Africa We Want

S. KOREA’S ASSISTANCE TO AFRICA IS AN INVESTMENT, SAYS PRESIDENT KAGAME

Kagame says once war-torn country needs technology infrastructure to boost per capital income. President of Rwanda Paul Kagame speaks in an interview with The Korea Herald at Josun Palace in Gangnam district, Seoul on Tuesday. (Office of the President, Rwanda). By Sanjay Kumar

President of Rwanda Paul Kagame speaks in an interview with The Korea Herald at Josun Palace in Gangnam district, Seoul on Tuesday. (Office of the President, Rwanda)

Rwandan President Paul Kagame expressed high hopes to forge mutually beneficial ties with South Korea, stressing that the support from Asia’s fourth-largest economy to the continent, particularly Rwanda, is an investment for mutual gains.

“Korea should, in fact, say that the support they give to countries in Africa or to Rwanda in particular is a sort of investment,“the president said in an interview with The Korea Herald in Seoul on Tuesday.”It’s investing your money, your time, and your different resources so that a country develops but that development holds a lot of benefits that should come back to Korea."

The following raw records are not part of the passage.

Lemma ex_maximal_above (T : Type) (Q : set T -> Prop) (X0 : set T) :
  Q X0 ->
  (forall C : set (set T), C `<=` Q -> total_on C subset -> C !=set0 ->
     Q (\bigcup_(X in C) X)) ->
  exists M, [/\ Q M, X0 `<=` M & forall N, Q N -> M `<=` N -> N `<=` M].
Proof.
move=> QX0 Qchain.
pose S := {X : set T | Q X /\ X0 `<=` X}.
pose R (s t : S) := `[< sval s `<=` sval t >].
have S0 : S := exist _ X0 (conj QX0 (@subset_refl _ X0)).
have [||Ch Chtot|[M [QM X0M]] Mmax] := @ZL_preorder S S0 R.
- by move=> s; apply/asboolP.
- move=> r s t /asboolP rs /asboolP st.
  by apply/asboolP; exact: subset_trans st.
- have [[s Chs]|Ch0] := pselect (Ch !=set0); last first.
    by exists S0 => t Cht; exfalso; apply: Ch0; exists t.
  pose C := [set sval s | s in Ch].
  have QU : Q (\bigcup_(X in C) X).
    apply: Qchain; last by exists (sval s), s.
    + by move=> _ [t _ <-]; case: (svalP t).
    + move=> _ _ [t Cht <-] [t' Cht' <-].
      by case: (Chtot t t' Cht Cht') => /asboolP; [left|right].
  have X0U : X0 `<=` \bigcup_(X in C) X.
    by move=> e X0e; exists (sval s); [exists s|case: (svalP s) => _; apply].
  exists (exist _ (\bigcup_(X in C) X) (conj QU X0U) : S) => t Cht.
  by apply/asboolP => e te; exists (sval t) => //; exists t.
- exists M; split => // N QN MN.
  have X0N : X0 `<=` N := subset_trans X0M MN.
  by have /asboolP := Mmax (exist _ N (conj QN X0N) : S) (asboolT MN).
Qed.

Section Filters.
Context {disp : Order.disp_t} {A : ctbDistrLatticeType disp}.
Implicit Types (F G : set A) (a b c : A).

Definition principal_filter c : set A := fun e => c <= e.

Definition filter_join F G : set A :=
  fun e => exists f g, [/\ F f, G g & f `&` g <= e].

Lemma principal_filter_filter c : is_filter (principal_filter c).
Proof.
split=> [|a b|a b]; rewrite /principal_filter; first exact: lex1.
  by move=> ca /(le_trans ca).
by move=> ca cb; rewrite lexI ca cb.
Qed.

Lemma filter_join_filter F G :
  is_filter F -> is_filter G -> is_filter (filter_join F G).
Proof.
move=> [FT _ FI] [GT _ GI]; split.
- by exists \top, \top; split.
- move=> a b [f [g [Ff Gg fga]]] ab.
  by exists f, g; split=> //; exact: le_trans ab.
- move=> a b [f [g [Ff Gg fga]]] [f' [g' [Ff' Gg' fgb]]].
  exists (f `&` f'), (g `&` g'); split; [exact: FI|exact: GI|].
  rewrite lexI meetACA (le_trans (leIl _ _) fga).
  by rewrite (le_trans (leIr _ _) fgb).
Qed.

Lemma filter_join_l F G a : is_filter G -> F a -> filter_join F G a.
Proof. by move=> [GT _ _] Fa; exists a, \top; split; rewrite ?meetx1. Qed.

Lemma filter_join_r F G a : is_filter F -> G a -> filter_join F G a.
Proof. by move=> [FT _ _] Ga; exists \top, a; split; rewrite ?meet1x. Qed.

Lemma bigcup_chain_filter (C : set (set A)) :
  C `<=` is_filter -> total_on C subset -> C !=set0 ->
  is_filter (\bigcup_(X in C) X).
Proof.
move=> Cf Ctot [X0 CX0]; split.
- by exists X0 => //; case: (Cf _ CX0).
- move=> a b [X CX Xa] ab; exists X => //.
  by case: (Cf _ CX) => _ Xup _; exact: Xup ab.
- move=> a b [X CX Xa] [X' CX' X'b].
  have [XX'|X'X] := Ctot X X' CX CX'.
    exists X' => //; case: (Cf _ CX') => _ _ X'I.
    by apply: X'I => //; exact: XX'.
  exists X => //; case: (Cf _ CX) => _ _ XI.
  by apply: XI => //; exact: X'X.
Qed.

Lemma proper_filter_join_compl F a :
  is_filter F -> ~ F a ->
  proper_filter (filter_join F (principal_filter (~` a))).
Proof.
move=> fF nFa; split.
  by apply: filter_join_filter => //; exact: principal_filter_filter.
move=> [f [g [Ff ag fg0]]]; apply: nFa.
case: fF => _ Fup _; apply: (Fup f) => //.
by rewrite -[a]complK -disj_leC -lex0 (le_trans _ fg0) // leI2.
Qed.

End Filters.

Section Ultrafilters.
Context {disp : Order.disp_t} {A : ctbDistrLatticeType disp}.
Implicit Types (F G : set A) (a b : A).

Section Point.
Variable u : @Ul disp A.

Lemma phi_top : phi \top u.
Proof. by case: (svalP u) => [[[]]]. Qed.

Lemma phi_le a b : a <= b -> phi a u -> phi b u.
Proof. by case: (svalP u) => [[[_ up _] _] _] ab /up; apply. Qed.

Lemma phi_bot : ~ phi \bot u.
Proof. by case: (svalP u) => [[]]. Qed.

Lemma phiI a b : phi (a `&` b) u <-> phi a u /\ phi b u.
Proof.
split=> [uab|[ua ub]]; first by split; apply: phi_le uab; rewrite ?leIl ?leIr.
by case: (svalP u) => [[[_ _ uI] _] _]; exact: uI.
Qed.

Lemma phiC a : phi (~` a) u <-> ~ phi a u.
Proof.
split=> [una ua|nua]; first by apply: phi_bot; rewrite -(meetxC a); exact/phiI.
case: (svalP u) => [[fu _] umax].
apply: (umax _ (proper_filter_join_compl fu nua)) => [b|].
  by apply: filter_join_l; exact: principal_filter_filter.
by apply: filter_join_r fu _; rewrite /principal_filter.
Qed.

Lemma phiU a b : phi (a `|` b) u <-> phi a u \/ phi b u.
Proof.
split=> [uab|]; last by case; apply: phi_le; rewrite ?leUl ?leUr.
apply: contrapT => /not_orP[nua nub]; apply: (proj1 (phiC (a `|` b)) _ uab).
by rewrite complU; apply/phiI; split; exact/phiC.
Qed.

End Point.

Lemma ultrafilter_extension F :
  proper_filter F -> exists u : @Ul disp A, phiF F u.
Proof.
move=> pF; have [|M [[fM nM0] FM Mmax]] := ex_maximal_above pF.
  move=> C Cp Ctot Cne; split.
    by apply: bigcup_chain_filter => // X /Cp [].
  by case=> X /Cp [].
have uM : ultrafilter M by split=> // G pG MG; exact: Mmax.
by exists (exist _ M uM).
Qed.

Lemma ultrafilter_separation F a :
  is_filter F -> ~ F a -> exists2 u : @Ul disp A, phiF F u & ~ phi a u.
Proof.
move=> fF nFa.
have [u Fu] := ultrafilter_extension (proper_filter_join_compl fF nFa).
exists u => [b Fb|].
  by apply: Fu; apply: filter_join_l => //; exact: principal_filter_filter.
by apply/phiC; apply: Fu; apply: filter_join_r => //; rewrite /principal_filter.
Qed.

Lemma phiF_sub_phi F a : is_filter F -> subU (phiF F) (phi a) -> F a.
Proof.
move=> fF Fa; apply: contrapT => nFa.
by have [u /Fa ua] := ultrafilter_separation fF nFa.
Qed.

Lemma subU_phiF F G : is_filter G -> subU (phiF G) (phiF F) -> F `<=` G.
Proof. by move=> fG GF a Fa; apply: phiF_sub_phi => // u /GF; apply. Qed.

End Ultrafilters.

Section Theta.
Context {disp : Order.disp_t} {A : ctbDistrLatticeType disp}.
Variable Y : @Uset disp A.
Implicit Types (a b c d : A).

Lemma thetaP a b : theta Y a b <-> forall u, Y u -> (phi a u <-> phi b u).
Proof.
split=> ab u; last by split=> -[Yu]; rewrite (ab u Yu).
move=> Yu; split=> [ua|ub]; first by case: (proj1 (ab u) (conj Yu ua)).
by case: (proj2 (ab u) (conj Yu ub)).
Qed.

Lemma theta_refl a : theta Y a a.
Proof. by []. Qed.

Lemma theta_sym a b : theta Y a b -> theta Y b a.
Proof. by move=> ab u; split=> /ab. Qed.

Lemma theta_trans a b c : theta Y a b -> theta Y b c -> theta Y a c.
Proof. by move=> ab bc u; split=> [/ab/bc|/bc/ab]. Qed.

Lemma theta_meet a b c d :
  theta Y a b -> theta Y c d -> theta Y (a `&` c) (b `&` d).
Proof.
move=> /thetaP ab /thetaP cd; apply/thetaP => u Yu.
by rewrite !phiI (ab u Yu) (cd u Yu).
Qed.

Lemma theta_join a b c d :
  theta Y a b -> theta Y c d -> theta Y (a `|` c) (b `|` d).
Proof.
move=> /thetaP ab /thetaP cd; apply/thetaP => u Yu.
by rewrite !phiU (ab u Yu) (cd u Yu).
Qed.

Lemma theta_compl a b : theta Y a b -> theta Y (~` a) (~` b).
Proof. by move=> /thetaP ab; apply/thetaP => u Yu; rewrite !phiC (ab u Yu). Qed.

Lemma theta_homo (f : A -> A) :
  (forall a b, theta Y a b -> forall u, Y u -> phi (f a) u -> phi (f b) u) ->
  forall a b, theta Y a b -> theta Y (f a) (f b).
Proof.
move=> fab a b ab; apply/thetaP => u Yu.
by split; apply: fab Yu => //; exact: theta_sym.
Qed.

Kagame was in Seoul to attend the inaugural Korea-Africa Summit which he assessed as pivotal in bridging South Korea and the continent. During his visit to Seoul, the Rwandan leader received an honorary doctorate in public policy and management from Yonsei University in recognition of his leadership. The former military leader became president in 2000 when the country had been torn apart by genocide. For over two decades, he has focused on building national unity and the country’s economy. He runs reelection in July for a fourth seven-year term.

The president told The Korea Herald that the future of Africa is bright. Still, the continent needs human capital development so that African countries become self-sufficient enough to empower local capacities and promote growth.

In this aspect, Rwanda anticipates enhanced trade, technology transfer and cultural exchanges, leading to stronger, mutually beneficial relations with South Korea.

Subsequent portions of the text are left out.